Stock markets: Before the bell

Stock chart, September 18, 2023

United States stock futures are fluctuating this morning after a sell-off on Friday and after oil neared $95 a barrel.

In Europe and Asia, equities dropped sharply, mirroring the decline that took the S&P 500 down more than one per cent at the end of last week. Societe Generale SA slumped as much as 11 per cent after cutting profitability targets.
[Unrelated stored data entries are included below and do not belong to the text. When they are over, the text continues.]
Lemma Phi_fixed_flip h x p : h \in WB n -> Phi h *m x = x ->
  fconnect h (p, true) (p, false) -> x (Lsym p) 0 *+ 2 + x (Lm1 n) 0 = 0.
Proof.
move=> hB hx hp; pose y u := x (Lsym u) 0 *+ 2 + x (Lm1 n) 0.
have yE u : y u = (-1) ^+ (u \in negs h) * y (tau h u).
  by rewrite /y -{1}hx Phi_mulmx_Lsym //; case: (u \in negs h) => /=; lia.
(* [Y] is constant on [h]-orbits of symbols, and [p^+], [p^-] share one. *)
pose Y (z : symb n) := if z.2 then y z.1 else - y z.1.
have Yh : invariant h Y =1 xpredT.
  case=> u c; rewrite inE /= permWB // /Y (yE u).
  by case: c; case: (_ \in _) => /=; rewrite ?eqxx //; apply/eqP; lia.
have := fconnect_invariant Yh hp; rewrite /Y /= -/(y p); lia.
Qed.

Definition halfv x : 'cV[int]_n.+2 := map_mx (fun z : int => (z %/ 2)%Z) x.

Lemma halfvK x : halfv (x *+ 2) = x.
Proof. by apply/matrixP => i j; rewrite mxE mulmxnE -[_ *+ 2]mulr_natr mulzK. Qed.

Lemma H1_vanish_fixed h T : h \in WB n -> {mono tau h : u / u \in T} ->
  ~~ odd #|T :&: negs h| -> H1_vanish (<[h]>%G : {set {perm symb n}}) ->
  exists m, Phi h *m (lsum T - m *+ 2) = lsum T - m *+ 2.
Proof.
move=> hB hT ev H1.
pose M a := Phi a *m lsum T - lsum T.
have MM a b : a \in WB n -> M (a * b)%g = M a + Phi a *m M b.
  by move=> aB; rewrite /M Phi_lsumM // mulmxBr [RHS]addrC -addrA addKr.
have /subsetP hWB : <[h]>%g \subset WB n by rewrite cycle_subG.
have M2 a : a \in <[h]>%g -> M a = halfv (M a) *+ 2.
  move=> /cycleP[k ->]; suff [D ->] : exists D, M (h ^+ k)%g = D *+ 2 by rewrite halfvK.
  elim: k => [|k [D IH]]; first by exists 0; rewrite /M Phi1_lsum subrr mul0rn.
  have [D1 E1] := Phi_lsum_sub_even hB hT ev.
  by exists (D1 + Phi h *m D); rewrite expgS MM // IH raddfMn /M E1 mulrnDl.
have [|m Hm] := H1 (fun a => halfv (M a)).
  move=> a b aG bG; rewrite MM ?hWB // (M2 a aG) (M2 b bG) raddfMn -mulrnDl.
  by rewrite !halfvK.
exists m; have := M2 h (cycle_id h); rewrite Hm ?cycle_id // /M.
by move=> E; rewrite mulmxBr raddfMn -[Phi h *m lsum T](subrK (lsum T)) E mulrnBl
  addrC -addrA addKr addrC.
Qed.

Lemma not_H1_vanish h T p q : h \in WB n -> {mono tau h : u / u \in T} ->
  ~~ odd #|T :&: negs h| -> p \in T -> q \notin T ->
  fconnect h (p, true) (p, false) -> fconnect h (q, true) (q, false) ->
  ~ H1_vanish (<[h]>%G : {set {perm symb n}}).
Proof.
move=> hB hT ev pT qT hp hq /(H1_vanish_fixed hB hT ev)[m hm].
have := Phi_fixed_flip hB hm hp; have := Phi_fixed_flip hB hm hq.
(* [x_p] is odd and [x_q] is even, yet both equal [- x_{-1} / 2]. *)
rewrite !mxE !lsum_Lsym pT (negbTE qT); lia.
Qed.

End H1Obstruction.

Lemma sign_cardI (T : finType) (A B : {set T}) :
  (-1) ^+ #|A :&: B| = \prod_(x in A) (-1) ^+ (x \in B) :> int.
Proof.
rewrite -prodr_const [LHS]big_mkcond [RHS]big_mkcond /=.
by apply: eq_bigr => x _; rewrite inE; case: (x \in A); case: (x \in B).
Qed.

Lemma mono_fixed (T : finType) (f : T -> T) (A : {set T}) :
  injective f -> {in A, forall x, f x = x} -> {mono f : x / x \in A}.
Proof.
move=> finj fA x; apply/idP/idP => [fxA|/fA -> //].
by rewrite -(finj _ _ (fA _ fxA)).
Qed.

Section NegativeCycles.
Variable n : nat.
Implicit Types (g h : {perm symb n}) (u w : 'I_n) (S : {set 'I_n}).

Definition neg_cycles g := [set S in cycles g | sigma_cyc g S == -1].

Lemma sigma_cycN1 g S : (sigma_cyc g S == -1) = odd #|S :&: negs g|.
Proof. by rewrite /sigma_cyc -signr_odd; case: odd. Qed.

Lemma neg_cyclesE g S :
  (S \in neg_cycles g) = (S \in cycles g) && odd #|S :&: negs g|.
Proof. by rewrite inE sigma_cycN1. Qed.

Lemma neg_cycles_sub g : neg_cycles g \subset cycles g.
Proof. by apply/subsetP => S; rewrite neg_cyclesE => /andP[]. Qed.

Lemma sigma_cyc_sign g S : sigma_cyc g S = (-1) ^+ (sigma_cyc g S == -1).
Proof. by rewrite sigma_cycN1 signr_odd. Qed.

Lemma neg_cycle_flip g S w : g \in WB n -> S \in neg_cycles g -> w \in S ->
  (g ^+ #|S|)%g (w, true) = (w, false).
Proof.
move=> gB; rewrite neg_cyclesE => /andP[/imsetP[u _ ->] odd_neg] wS.
by rewrite perm_cycle_length // odd_neg.
Qed.

Lemma neg_cycle_fconnect g S w : g \in WB n -> S \in neg_cycles g -> w \in S ->
  fconnect g (w, true) (w, false).
Proof.
by move=> gB NS wS; rewrite -(neg_cycle_flip gB NS wS) permX fconnect_iter.
Qed.

Lemma flip_fixed h w : h (w, true) = (w, false) -> tau h w = w /\ w \in negs h.
Proof. by rewrite permWB_true => -[-> /negbFE]. Qed.

Lemma not_H1_vanish_three_flips h S : h \in WB n -> (2 < #|S|)%N ->
  {in S, forall w, h (w, true) = (w, false)} ->
  ~ H1_vanish (<[h]>%G : {set {perm symb n}}).
Proof.
move=> hB /card_gt2P[p [q [r [[pS qS rS] [pq qr rp]]]]] hS.
have hT : {in [set p; q], forall w, h (w, true) = (w, false)}.
  by move=> w /set2P[] ->; apply: hS.
apply: (not_H1_vanish (T := [set p; q]) (p := p) (q := r) hB).
- by apply: mono_fixed (tau_inj hB) _ => w /hT /flip_fixed[].
- rewrite (setIidPl _) ?cards2 ?pq //.
  by apply/subsetP => w /hT /flip_fixed[].
- exact: set21.
- by rewrite !inE negb_or; apply/andP; split; [exact: rp | rewrite eq_sym].
- by rewrite -(hS p pS) fconnect1.
- by rewrite -(hS r rS) fconnect1.
Qed.

End NegativeCycles.

Section NegativeCycleBounds.
Variables (n : nat) (g : {perm symb n}).
Hypothesis gB : g \in WB n.
Implicit Types (u w : 'I_n) (S : {set 'I_n}).

Lemma neg_cycle_card_le2 S :
  (forall i, H1_vanish (<[(g ^+ i)%g]>%G : {set {perm symb n}})) ->
  S \in neg_cycles g -> (#|S| <= 2)%N.
Proof.
move=> H1 NS; rewrite leqNgt; apply/negP => S3.
apply: (not_H1_vanish_three_flips (groupX _ gB) S3 _ (H1 #|S|)) => w.
exact: neg_cycle_flip.
Qed.

Lemma neg_cycle_card2_eq S1 S2 :
  H1_vanish (<[(g ^+ 2)%g]>%G : {set {perm symb n}}) ->
  S1 \in neg_cycles g -> S2 \in neg_cycles g -> #|S1| = 2%N -> #|S2| = 2%N ->
  S1 = S2.
Proof.
move=> H1 NS1 NS2 c1 c2; have [//|S12] := eqVneq S1 S2; exfalso.
have /subsetP cyc := neg_cycles_sub g.
have dis : [disjoint S1 & S2] by apply: cycles_disjoint gB (cyc _ NS1) (cyc _ NS2) S12.
apply: (not_H1_vanish_three_flips (S := S1 :|: S2) (groupX 2 gB) _ _ H1).
  by rewrite cardsU (disjoint_setI0 dis) cards0 c1 c2.
move=> w /setUP[] wS; [rewrite -c1 | rewrite -c2]; exact: neg_cycle_flip.
Qed.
Apple Inc. gained in U.S.premarket trading, with analysts positive about early signs of demand for the latest iPhone.

What to watch today

The 24th World Petroleum Congress kicks off in Calgary today and runs until Sept. 21.

Hundreds of executives and government officials from oil-producing nations around the world are gathering in Calgary this week, against the backdrop of growing global pressure to reduce greenhouse gas emissions.

The World Petroleum Congress, one of the largest oil-and-gas conferences in the world, has not been held in Canada since 2000. It will count among its attendees heavyweights such as Exxon Mobil Corp. chief executive Darren Woods, Repsol S.A. CEO Josu Jon Imaz and Amin Nasser, the CEO of Saudi Aramco, the world’s largest oil company.

Today is also the deadline for contracts between Unifor and the Detroit Three automakers to expire. Contracts are up at Monday at 11:59 p.m.